It appeals to me that your world was very "ordinary fantasy" in the first place, but then got messed up by an apocalyps. It's a nice twist to the genre.

Greetings
Wansome


----------



## ThinkerX (May 4, 2019)

Wansome said:


> Hi ThinkerX
> 
> Wow! That world sounds really cool! Yeah, I'd love to read a novel about it!
> 
> ...



PM me an email, and I'll send you a copy of 'Strange Exit.' About 21,500 words.


----------



## Gotis (May 4, 2019)

Wansome said:


> Hi Gotis
> 
> Wow, that's a really cool idea! I especially like the idea of your niece being the real hero of the world!
> 
> ...



Thanks! My sister has four kids and I'm working on stories for each of them. Of course they each get their own world to be heroic in. My avatar is how I appear in them.


----------



## Wansome (May 4, 2019)

Gotis said:


> Thanks! My sister has four kids and I'm working on stories for each of them. Of course they each get their own world to be heroic in. My avatar is how I appear in them.


Oooh! That's so nice of you, are you going to publish those stories or just keep them personal?
Greetings
Wansome


----------



## Gotis (May 4, 2019)

Wansome said:


> Oooh! That's so nice of you, are you going to publish those stories or just keep them personal?
> Greetings
> Wansome


I plan to publish them if my laziness doesn't get the better of me.


----------



## Devor (May 4, 2019)

.....ohh my gosh where to begin.

My worldbuilding ideas aren't "top of a giant's head" crazy, but they can get pretty intricate. I have lot of settings and ideas that can feel pretty fresh and distinct.

The craziest, hands down.... it's a setting with high-fantasy societies based on Native Americans, before the Europeans, who are invaded from the west by a nation based on Japan. It was supposed to be a battle of the mythologies, with lightning birds fighting skull demons, but it's light years outside of my ability to actually write it.  I wish somebody would though because it could be amazing.

My next craziest has got to be time travel. When I was watching Fringe I had this theory that the two dimensions were created because of timetravel, which is why there were only two dimensions, and why there was so much risk of one of them collapsing: One of them wasn't meant to exist. Well, that's not what Fringe did. But I took that idea and ran with it, and ended up with an outline of several different futures that were falling apart because of how many futures existed, and so they were trying to evacuate, or invade, into the present day to survive. The timetravel mechanics I used made it work out better than you'd expect.

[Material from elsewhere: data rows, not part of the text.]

(* Let $d\geq 0$ and $0<i\leq d+1$ be integers, and write $d+1=qi+r$ with integers $q\geq 0$, $1\leq r\leq i$. Let $\Delta\in\mathcal{C}(i,d)$. Then $f_j(\Delta)\geq f_j(S(i,d))$ for every $1\leq j\leq r$.
   Context: All simplicial complexes are finite abstract simplicial complexes; $f_j(\Delta)$ denotes the number of $j$-dimensional faces of $\Delta$. A set $F$ of vertices is a missing face of $\Delta$ if $F\notin\Delta$ but every proper subset of $F$ is in $\Delta$; its dimension is $|F|-1$. $\mathcal{C}(i,d)$ denotes the family of $d$-dimensional simplicial complexes $\Delta$ with $\tilde H_d(\Delta;\mathbb{Z})\neq 0$ (reduced homology) and with no missing faces of dimension $>i$. For integers $d\geq 0$, $i>0$ with $d+1=qi+r$ ($q\geq 0$, $1\leq r\leq i$), $S(i,d)$ is the simplicial join of $q$ copies of $\partial\sigma^i$ and one copy of $\partial\sigma^r$ on pairwise disjoint vertex sets, where $\partial\sigma^k$ is the boundary complex of the $k$-simplex. *)

From HB Require Import structures.
From mathcomp Require Import all_boot all_order all_algebra.
Set Implicit Arguments. Unset Strict Implicit. Unset Printing Implicit Defensive.
Import Order.TTheory GRing.Theory Num.Theory.

Definition is_complex (T : finType) (D : {set {set T}}) : Prop :=
  set0 \in D /\ (forall F G : {set T}, F \in D -> G \subset F -> G \in D).

Definition has_dim (T : finType) (D : {set {set T}}) (d : nat) : Prop :=
  (exists2 F, F \in D & #|F| = d.+1) /\ (forall F, F \in D -> #|F| <= d.+1).

Definition fnum (T : finType) (D : {set {set T}}) (j : nat) : nat :=
  #|[set F in D | #|F| == j.+1]|.

Definition missing_face (T : finType) (D : {set {set T}}) (F : {set T}) : Prop :=
  F \notin D /\ (forall G : {set T}, G \proper F -> G \in D).

Definition no_missing_above (T : finType) (D : {set {set T}}) (i : nat) : Prop :=
  forall F, missing_face D F -> (#|F| - 1 <= i)%N.

(* Simplicial chain complex with integer coefficients on vertex set 'I_n,
   oriented by the natural order of vertices.  The coefficient of the facet
   G = F \ {v} in the boundary of the oriented simplex F is (-1)^k where k is
   the number of vertices of F smaller than v. *)
Definition bsign (n : nat) (F : {set 'I_n}) (v : 'I_n) : int :=
  (-1) ^+ #|[set u in F | (u < v)%N]|.

(* the (reduced) boundary of a d-chain c (a function on the d-faces of D),
   evaluated at a set G with |G| = d (G = set0 when d = 0: augmentation) *)
Definition bdry (n : nat) (D : {set {set 'I_n}}) (d : nat)
    (c : {set 'I_n} -> int) (G : {set 'I_n}) : int :=
  \sum_(F in D | (#|F| == d.+1) && (G \subset F))
     \sum_(v in F :\: G) (bsign F v * c F)%R.

(* Reduced d-th homology with integer coefficients of a complex of dimension
   d: since there are no (d+1)-faces, there are no d-boundaries, so
   \tilde H_d(D;Z) = ker (\partial_d : C_d -> C_{d-1}) (with C_{-1} = Z). *)
Definition top_red_homology_nonzero (n : nat) (D : {set {set 'I_n}}) (d : nat)
  : Prop :=
  exists c : {set 'I_n} -> int,
    (forall F, c F != 0%R -> (F \in D) && (#|F| == d.+1)) /\
    (exists F, c F != 0%R) /\
    (forall G : {set 'I_n}, #|G| = d -> bdry D d c G = 0%R).

Definition in_C (n : nat) (i d : nat) (D : {set {set 'I_n}}) : Prop :=
  is_complex D /\ has_dim D d /\ top_red_homology_nonzero D d /\
  no_missing_above D i.

Definition bd_simplex (T : finType) (A : {set T}) : {set {set T}} :=
  [set F : {set T} | F \proper A].

(* S(i,d): with d+1 = q i + r, q = d %/ i, r = d %% i + 1.
   Vertex set 'I_N with N = q(i+1) + (r+1), split into blocks
   block b = {k | k %/ (i+1) = b}, b = 0..q: q blocks of size i+1
   and a last block (b = q) of size r+1.  S(i,d) is the join of the
   boundary complexes of the simplices on these blocks: a face is a set
   whose intersection with every block is a face of the block's boundary. *)
Definition S_q (i d : nat) : nat := d %/ i.
Definition S_r (i d : nat) : nat := (d %% i).+1.
Definition S_N (i d : nat) : nat := S_q i d * i.+1 + (S_r i d).+1.

Definition S_block (i d : nat) (b : nat) : {set 'I_(S_N i d)} :=
  [set k : 'I_(S_N i d) | (k %/ i.+1 == b)%N].

Definition S_complex (i d : nat) : {set {set 'I_(S_N i d)}} :=
  [set F : {set 'I_(S_N i d)} |
     [forall b : 'I_(S_q i d).+1,
        (F :&: S_block i d b) \in bd_simplex (S_block i d b)]].

(* Write d = q i + s with 0 <= s < i (so r = s + 1) and let N = q(i+1) + s + 2
   be the number of vertices of S(i,d).  A nonzero top homology class of a
   complex D in C(i,d) is carried by a nonempty family G of d-faces in which
   every ridge of a member lies in a second member; together with the facts
   that D has dimension d and that its minimal nonfaces have at most i+1
   vertices, this is recorded as a [flag_cycle].  Links of faces of G are flag
   cycles of lower dimension, so both main estimates are proved by strong
   induction on d, simultaneously for all flag cycles:
   - the support U of G has at least N vertices ([vertex_bound]);
   - every set of at most s+1 vertices of U is a face of D, and all but at most
     1 + q[s+1 = i] sets of s+2 vertices of U are faces ([face_bounds_hold]).
   The top bound is a double count over vertex links when U has more than N
   vertices, and an analysis of the missing (s+2)-faces when U is tight.
   On the other side, S(i,d) has at most all (j+1)-sets of its N vertices as
   j-faces, and in dimension r it misses its (r+1)-element blocks
   ([S_top_faces]); the theorem follows by comparing the two. *)

From HB Require Import structures.
From mathcomp Require Import all_boot all_order all_algebra zify.
Set Implicit Arguments. Unset Strict Implicit. Unset Printing Implicit Defensive.
Import GRing.Theory.

Section FinsetFacts.
Variable T : finType.
Implicit Types (A B F U V : {set T}).

Lemma card_disjU A B : [disjoint A & B] -> #|A :|: B| = #|A| + #|B|.
Proof. by move=> dAB; apply/eqP; rewrite (leq_card_setU A B).2. Qed.

Lemma disjoint_setD A B : [disjoint A :\: B & B].
Proof. by rewrite disjoints_subset; apply/subsetP=> x; rewrite !inE => /andP[]. Qed.

Lemma setDUK A B : B \subset A -> (A :\: B) :|: B = A.
Proof. by move=> BA; rewrite setUC -{2}(setID A B) (setIidPr BA). Qed.

Lemma card_sub_setD U A V : A \subset U -> V \subset U :\: A -> #|A| + #|V| <= #|U|.
Proof.
move=> AU /subset_leq_card; rewrite (cardsDS AU); have := subset_leq_card AU; lia.
Qed.

Lemma exists_set_between A B k : A \subset B -> #|A| <= k <= #|B| ->
  exists F, [/\ A \subset F, F \subset B & #|F| = k].
Proof.
move=> AB /andP[Ak]; rewrite -(subnKC Ak).
elim: (k - #|A|) => [|m IH] kB; first by exists A; rewrite addn0.
have [|F [AF FB cF]] := IH; first lia.
have /subsetPn[x xB xF] : ~~ (B \subset F) by apply/negP=> /subset_leq_card; lia.
exists (x |: F); split; first exact: subset_trans AF (subsetUr _ _).
  by rewrite subUset sub1set xB.
by rewrite cardsU1 xF cF addnS.
Qed.

End FinsetFacts.

Definition vsupp (T : finType) (G : {set {set T}}) : {set T} := \bigcup_(s in G) s.

Definition link (T : finType) (D : {set {set T}}) (A : {set T}) : {set {set T}} :=
  [set t : {set T} | [disjoint t & A] && (t :|: A \in D)].

Lemma in_link (T : finType) (D : {set {set T}}) (A t : {set T}) :
  (t \in link D A) = [disjoint t & A] && (t :|: A \in D).
Proof. by rewrite inE. Qed.

Lemma in_vsupp (T : finType) (G : {set {set T}}) (x : T) :
  reflect (exists2 s, s \in G & x \in s) (x \in vsupp G).
Proof. exact: bigcupP. Qed.

Lemma sub_vsupp (T : finType) (G : {set {set T}}) (s : {set T}) :
  s \in G -> s \subset vsupp G.
Proof. by move=> sG; apply/subsetP=> x xs; apply/in_vsupp; exists s. Qed.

Finally, I have the War Omen Tournament.  Every country on a fantasy continent has to send a fighter to a tournament every few years.  The continent was cursed so that whatever happened in the fight would reflect what happened between the countries they represent. It's supposed to be a parody of the genre, with absurd characters and wacky nations coming to darkly comedic ends. For example, one fighter was supposed to be a "vampire-wannabe" who didn't realize vampires were real. He finds out during his first fight, and then becomes a vampire before the second fight. After that fight his entire country rapidly decays into an undead house of horrors.  The crazy part though is the way I want to make the story, with a combination of short stories, audio fight commentaries, and quasi-"news releases" about what was happening in the different countries.


----------



## Yora (May 5, 2019)

People think that the Spectral Realm is some strange empty place between the worlds that you can pass through as a shortcut to visit other realms when you don't have a more direct connection. But in truth, the Spectral Realm is the actual nature of reality.
It seems like the Spectral Realm looks like a hazy reflection of the various worlds it connects, but in reality it's all the other worlds that are manifestations of the Spectral Realm.

The landscape of the Spectral Realm looks like someone had taken the maps of all the other worlds, cut them into pieces of hugely different sizes, and glued them all back together at random into a single giant map. To travel to other worlds, or even other places in your own world, you only need to go into the Spectral Realm, go to the place you want to be, and then leave the Spectral Realm again. Moving in the Spectral Realm is very fast, but finding your destination is the difficult part.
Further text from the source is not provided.